Unerwünschte Ereignisse ≥ Grad 3 zeigten sich bei Cabozantinib+Nivolumab in 75% der Fälle, beim Sunitinib waren es 71%. Da es sich um eine Dauertherapie handelt, sind vor allem Nebenwirkungen wie Diarrhö und Fatigue zu beachten, die die Lebensqualität stark einschränken. Wie sieht es bei „Ipi-Nivo“ aus? Hier zeigen sich vor allem in der Anfangsphase gehäuft Nebenwirkungen, die Grad 3-4 entsprechen. Im Therapieverlauf nehmen die immunvermittelten Nebenwirkungen aber ab. In Bezug auf FKSI-DRS Subskalen stellt sich die Frage, wie die Kombination aus Cabozantinib+Nivolumab zu einer signifikanten Verbesserung der Lebensqualität führt, obgleich das Toxizitätsprofil des Cabozantinibs nicht besser ist als das des Sunitinibs.

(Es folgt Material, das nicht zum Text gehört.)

Record Cplx := mkC { re : R ; im : R }.

Definition Cadd (a b : Cplx) : Cplx := mkC (re a + re b) (im a + im b).
Definition Copp (a : Cplx) : Cplx := mkC (- re a) (- im a).
Definition Csub (a b : Cplx) : Cplx := Cadd a (Copp b).
Definition Cmul (a b : Cplx) : Cplx :=
  mkC (re a * re b - im a * im b) (re a * im b + im a * re b).
Definition Cconj (a : Cplx) : Cplx := mkC (re a) (- im a).
Definition Cnorm2 (a : Cplx) : R := re a * re a + im a * im a.
(* inverse; Cinv 0 = 0 by the convention of Rinv, irrelevant where used *)
Definition Cinv (a : Cplx) : Cplx := mkC (re a / Cnorm2 a) (- im a / Cnorm2 a).
Definition Cdiv (a b : Cplx) : Cplx := Cmul a (Cinv b).
Definition RtoC (r : R) : Cplx := mkC r 0.
Definition Czero : Cplx := RtoC 0.
Definition Cone : Cplx := RtoC 1.
Definition Ci : Cplx := mkC 0 1.
Fixpoint Cpow (a : Cplx) (n : nat) : Cplx :=
  match n with O => Cone | S m => Cmul a (Cpow a m) end.

Fixpoint Csum (n : nat) (g : nat -> Cplx) : Cplx :=
  match n with O => Czero | S m => Cadd (Csum m g) (g m) end.

(* Vectors of C^{N+1}: components indexed by 0..N *)
Definition vec := nat -> Cplx.

Definition dotc (N : nat) (v w : vec) : Cplx :=
  Csum (S N) (fun j => Cmul (Cconj (v j)) (w j)).

Definition proj (N : nat) (v : vec) (i j : nat) : Cplx :=
  Cdiv (Cmul (v i) (Cconj (v j))) (dotc N v v).

(* Partial derivatives of a real function of two real variables (the value is
   the derivative whenever it exists). *)
Definition Dx (h : R -> R -> R) (x y : R) : R :=
  epsilon (inhabits 0) (fun l => derivable_pt_lim (fun t => h t y) x l).
Definition Dy (h : R -> R -> R) (x y : R) : R :=
  epsilon (inhabits 0) (fun l => derivable_pt_lim (fun t => h x t) y l).

(* Wirtinger derivative  ∂ = (∂_{ξ^1} - i ∂_{ξ^2})/2, where ξ_+ = ξ^1 + i ξ^2.
   For g = u + i v:  ∂g = ((u_x + v_y) + i (v_x - u_y)) / 2. *)
Definition wirt (g : Cplx -> Cplx) (z : Cplx) : Cplx :=
  let u := fun a b => re (g (mkC a b)) in
  let v := fun a b => im (g (mkC a b)) in
  let x := re z in let y := im z in
  mkC ((Dx u x y + Dy v x y) / 2) ((Dx v x y - Dy u x y) / 2).

(* Veronese sequence, as functions of ξ_+ ∈ C, with N = 2s. *)
Fixpoint veronese (N : nat) (k : nat) : Cplx -> vec :=
  match k with
  | O => fun xi j => Cmul (RtoC (sqrt (C N j))) (Cpow xi j)
  | S m =>
      let f := veronese N m in
      fun xi j =>
        Csub (wirt (fun z => f z j) xi)
             (Csum (S N) (fun l => Cmul (proj N (f xi) j l) (wirt (fun z => f z l) xi)))
  end.

Fixpoint poch (a : R) (n : nat) : R :=
  match n with O => 1 | S m => poch a m * (a + INR m) end.

Fixpoint Rsum (n : nat) (g : nat -> R) : R :=
  match n with O => 0 | S m => Rsum m g + g m end.

(* Krawtchouk polynomial K_j(k; p, N) = 2F1(-j,-k;-N;1/p) *)
Definition kraw (j k : nat) (p : R) (N : nat) : R :=
  Rsum (S (Nat.min j k)) (fun n =>
    poch (- INR j) n * poch (- INR k) n / (poch (- INR N) n * INR (Factorial.fact n))
    * / (p ^ n)).

(* p = ξ_+ ξ_- / (1 + ξ_+ ξ_-) *)
Definition pval (xi : Cplx) : R := Cnorm2 xi / (1 + Cnorm2 xi).

From Pilot Require Import Defs.
From Stdlib Require Import Reals Arith.
From Stdlib Require Import Lia Lra Field FunctionalExtensionality ClassicalEpsilon.
Open Scope R_scope.

(* Let h = 1/(1+|z|^2), P = 1 + zX, Q = X - conj z, and let g_k be the coefficient
   vector of the polynomial P^(N-k) Q^k.  The proof establishes
       (f_k)_j = N!/(N-k)! * h^k * (g_k)_j / sqrt(C(N,j))        (fvec)
   and then expands (g_k)_j in Krawtchouk polynomials:
   1. a small calculus of Wirtinger derivatives (has_wirt), enough to
      differentiate h^k times polynomial expressions in z and conj z;
   2. orthogonality: the g_k are orthogonal for <a,b> = sum_l conj(a_l) b_l / C(N,l),
      with <g_k,g_k> = (1+|z|^2)^N / C(N,k); by induction on N, moving a factor P or
      Q across the inner product, where its adjoint is a first-order operator;
   3. the derivative of fvec_k is fvec_(k+1) + shift_coef * fvec_k, so by
      orthogonality the projection in the recursion removes exactly the second
      term, and f_k = fvec_k for every k (veronese_fvec);
   4. (g_k)_j = (-conj z)^k z^j C(N,j) K_j(k;p,N), by a Pascal-rule induction on N
      against the hypergeometric sum defining K_j (gpoly_kraw);
   5. the theorem follows by substitution; the projector formula uses the norm
      |f_k|^2 computed in step 2. *)

Lemma Cplx_ext : forall a b : Cplx, re a = re b -> im a = im b -> a = b.
Proof. intros [a1 a2] [b1 b2]; simpl; intros; subst; reflexivity. Qed.

Lemma Cring_theory : ring_theory Czero Cone Cadd Cmul Csub Copp (@eq Cplx).
Proof.
  constructor; intros; apply Cplx_ext; unfold Cadd, Cmul, Csub, Copp, Czero, Cone, RtoC; simpl; ring.
Qed.

Add Ring Cring : Cring_theory.

Lemma Cinv_l : forall p, p <> Czero -> Cmul (Cinv p) p = Cone.
Proof.
  intros [x y] H. assert (Hn : x * x + y * y <> 0).
  { intro E. apply H. assert (x = 0) by nra. assert (y = 0) by nra. subst. reflexivity. }
  apply Cplx_ext; unfold Cinv, Cnorm2, Cmul, Cone, RtoC; simpl; field; auto.
Qed.

Lemma Cfield_theory : field_theory Czero Cone Cadd Cmul Csub Copp Cdiv Cinv (@eq Cplx).
Proof.
  constructor.
  - exact Cring_theory.
  - intro E. injection E. lra.
  - reflexivity.
  - exact Cinv_l.
Qed.

Add Field Cfield : Cfield_theory.

Lemma RtoC_add a b : RtoC (a + b) = Cadd (RtoC a) (RtoC b).
Proof. apply Cplx_ext; simpl; ring. Qed.

Lemma RtoC_mul a b : RtoC (a * b) = Cmul (RtoC a) (RtoC b).
Proof. apply Cplx_ext; simpl; ring. Qed.

Lemma RtoC_sub a b : RtoC (a - b) = Csub (RtoC a) (RtoC b).
Proof. apply Cplx_ext; simpl; ring. Qed.

Lemma RtoC_opp a : RtoC (- a) = Copp (RtoC a).
Proof. apply Cplx_ext; simpl; ring. Qed.

Lemma RtoC_inv a : RtoC (/ a) = Cinv (RtoC a).
Proof.
  destruct (Req_dec a 0) as [->|H].
  - apply Cplx_ext; unfold Cinv, Cnorm2; simpl; rewrite ?Rinv_0; unfold Rdiv; ring_simplify; try rewrite Rinv_0; ring.
  - apply Cplx_ext; unfold Cinv, Cnorm2; simpl; field; auto.
Qed.

Lemma RtoC_div a b : RtoC (a / b) = Cdiv (RtoC a) (RtoC b).
Proof. unfold Rdiv, Cdiv. rewrite RtoC_mul, RtoC_inv. reflexivity. Qed.

Lemma RtoC_pow a n : RtoC (a ^ n) = Cpow (RtoC a) n.
Proof. induction n; simpl. reflexivity. rewrite RtoC_mul, IHn; reflexivity. Qed.

Lemma RtoC_neq a : a <> 0 -> RtoC a <> Czero.
Proof. intros H E. injection E; auto. Qed.

Lemma RtoC_0 : RtoC 0 = Czero. Proof. reflexivity. Qed.

Lemma RtoC_1 : RtoC 1 = Cone. Proof. reflexivity. Qed.

Lemma Cpow_add a m n : Cpow a (m + n) = Cmul (Cpow a m) (Cpow a n).
Proof. induction m; simpl. ring. rewrite IHm; ring. Qed.

Lemma Cpow_mul a b n : Cpow (Cmul a b) n = Cmul (Cpow a n) (Cpow b n).
Proof. induction n; simpl. ring. rewrite IHn; ring. Qed.

Lemma Cpow_one n : Cpow Cone n = Cone.
Proof. induction n; simpl. reflexivity. rewrite IHn. ring. Qed.

Lemma Cconj_add a b : Cconj (Cadd a b) = Cadd (Cconj a) (Cconj b).
Proof. apply Cplx_ext; simpl; ring. Qed.

Lemma Cconj_mul a b : Cconj (Cmul a b) = Cmul (Cconj a) (Cconj b).
Proof. apply Cplx_ext; simpl; ring. Qed.

Lemma Cconj_opp a : Cconj (Copp a) = Copp (Cconj a).
Proof. apply Cplx_ext; simpl; ring. Qed.

Lemma Cconj_RtoC a : Cconj (RtoC a) = RtoC a.
Proof. apply Cplx_ext; simpl; ring. Qed.

Lemma Cconj_pow a n : Cconj (Cpow a n) = Cpow (Cconj a) n.
Proof. induction n; simpl. apply Cplx_ext; simpl; ring. rewrite Cconj_mul, IHn; reflexivity. Qed.

Lemma Cconj_conj a : Cconj (Cconj a) = a.
Proof. apply Cplx_ext; simpl; ring. Qed.

Lemma Cconj_0 : Cconj Czero = Czero. Proof. apply Cplx_ext; simpl; ring. Qed.

Lemma Cmul_conj_norm2 a : Cmul a (Cconj a) = RtoC (Cnorm2 a).
Proof. apply Cplx_ext; unfold Cnorm2; simpl; ring. Qed.

Lemma one_plus_Cnorm2 z : Cadd Cone (Cmul z (Cconj z)) = RtoC (1 + Cnorm2 z).
Proof. rewrite Cmul_conj_norm2, RtoC_add. reflexivity. Qed.

Lemma Cnorm2_pos z : z <> Czero -> 0 < Cnorm2 z.
Proof.
  intro H. destruct z as [x y]. unfold Cnorm2; simpl.
  destruct (Req_dec x 0); destruct (Req_dec y 0); try nra. subst. exfalso; apply H; reflexivity.
Qed.

Lemma Csum_ext n f g : (forall l, (l < n)%nat -> f l = g l) -> Csum n f = Csum n g.
Proof. induction n; intros H; simpl. reflexivity. rewrite IHn, H; auto. Qed.

Lemma Csum_scal n a f : Csum n (fun l => Cmul a (f l)) = Cmul a (Csum n f).
Proof. induction n; simpl. apply Cplx_ext; simpl; ring. rewrite IHn; ring. Qed.

Lemma Csum_add n f g : Csum n (fun l => Cadd (f l) (g l)) = Cadd (Csum n f) (Csum n g).
Proof. induction n; simpl. apply Cplx_ext; simpl; ring. rewrite IHn; ring. Qed.

Lemma Csum_conj n f : Cconj (Csum n f) = Csum n (fun l => Cconj (f l)).
Proof. induction n; simpl. apply Cconj_0. rewrite Cconj_add, IHn; reflexivity. Qed.

Lemma Csum_shift n f : Csum (S n) f = Cadd (f O) (Csum n (fun l => f (S l))).
Proof. induction n; simpl. ring. simpl in IHn. rewrite IHn. ring. Qed.

Lemma dotc_lin N v w1 w2 b :
  dotc N v (fun j => Cadd (w1 j) (Cmul b (w2 j))) = Cadd (dotc N v w1) (Cmul b (dotc N v w2)).
Proof.
  unfold dotc. rewrite <- Csum_scal, <- Csum_add. apply Csum_ext. intros; ring.
Qed.

Lemma dotc_ext N v w v' w' : (forall j, (j <= N)%nat -> v j = v' j) -> (forall j, (j <= N)%nat -> w j = w' j) ->
  dotc N v w = dotc N v' w'.
Proof. intros H1 H2. unfold dotc. apply Csum_ext. intros l Hl. rewrite H1, H2 by lia. reflexivity. Qed.

Lemma proj_ext N v v' i j : (forall l, (l <= N)%nat -> v l = v' l) -> (i <= N)%nat -> (j <= N)%nat ->
  proj N v i j = proj N v' i j.
Proof.
  intros H Hi Hj. unfold proj. rewrite (dotc_ext N v v v' v') by auto. rewrite !H by auto. reflexivity.
Qed.

Lemma derivable_pt_lim_ext f g x l l' : (forall t, f t = g t) -> l = l' -> derivable_pt_lim f x l -> derivable_pt_lim g x l'.
Proof. intros H1 H2 H. replace g with f by (extensionality t; auto). subst; exact H. Qed.

Definition has_partials (g : Cplx -> Cplx) (z gx gy : Cplx) : Prop :=
  derivable_pt_lim (fun t => re (g (mkC t (im z)))) (re z) (re gx) /\
  derivable_pt_lim (fun t => im (g (mkC t (im z)))) (re z) (im gx) /\
  derivable_pt_lim (fun t => re (g (mkC (re z) t))) (im z) (re gy) /\
  derivable_pt_lim (fun t => im (g (mkC (re z) t))) (im z) (im gy).

(* g has Wirtinger derivative d at z: its partials are d + db and i (d - db) for some db,
   i.e. d = (gx - i gy)/2 and db is the conjugate derivative (gx + i gy)/2. *)
Definition has_wirt (g : Cplx -> Cplx) (z d : Cplx) : Prop :=
  exists db, has_partials g z (Cadd d db) (Cmul Ci (Csub d db)).

Lemma Dx_val (h : R -> R -> R) (x y l : R) : derivable_pt_lim (fun t => h t y) x l -> Defs.Dx h x y = l.
Proof.
  intro H. unfold Defs.Dx. apply (uniqueness_limite (fun t => h t y) x).
  apply epsilon_spec. exists l; exact H. exact H.
Qed.

Lemma Dy_val (h : R -> R -> R) (x y l : R) : derivable_pt_lim (fun t => h x t) y l -> Defs.Dy h x y = l.
Proof.
  intro H. unfold Defs.Dy. apply (uniqueness_limite (fun t => h x t) y).
  apply epsilon_spec. exists l; exact H. exact H.
Qed.

Lemma wirt_val g z d : has_wirt g z d -> wirt g z = d.
Proof.
  intros [db [H1 [H2 [H3 H4]]]]. unfold wirt.
  rewrite (Dx_val (fun a b => re (g (mkC a b))) _ _ _ H1).
  rewrite (Dx_val (fun a b => im (g (mkC a b))) _ _ _ H2).
  rewrite (Dy_val (fun a b => re (g (mkC a b))) _ _ _ H3).
  rewrite (Dy_val (fun a b => im (g (mkC a b))) _ _ _ H4).
  apply Cplx_ext; simpl; field.
Qed.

Hier gilt es, die genauen Mechanismen zu verstehen.

Zusammenfassung

  • Cabozantinib+Nivolumab hat eine breite Wirksamkeit.
  • Das Immuntherapie-assoziierte Ansprechen erzielt eine bessere Remissionsqualität.
  • Ipilimumab verbessert das Immuntherapie-assoziierte Ansprechen.
  • TKIs induzieren eine chronische Toxizität für die Dauer der Einnahme.
  • Ipilimumab+Nivolumab sind vor allem in der Induktionsphase mit schweren unerwünschten Ereignissen (AEs) assoziiert.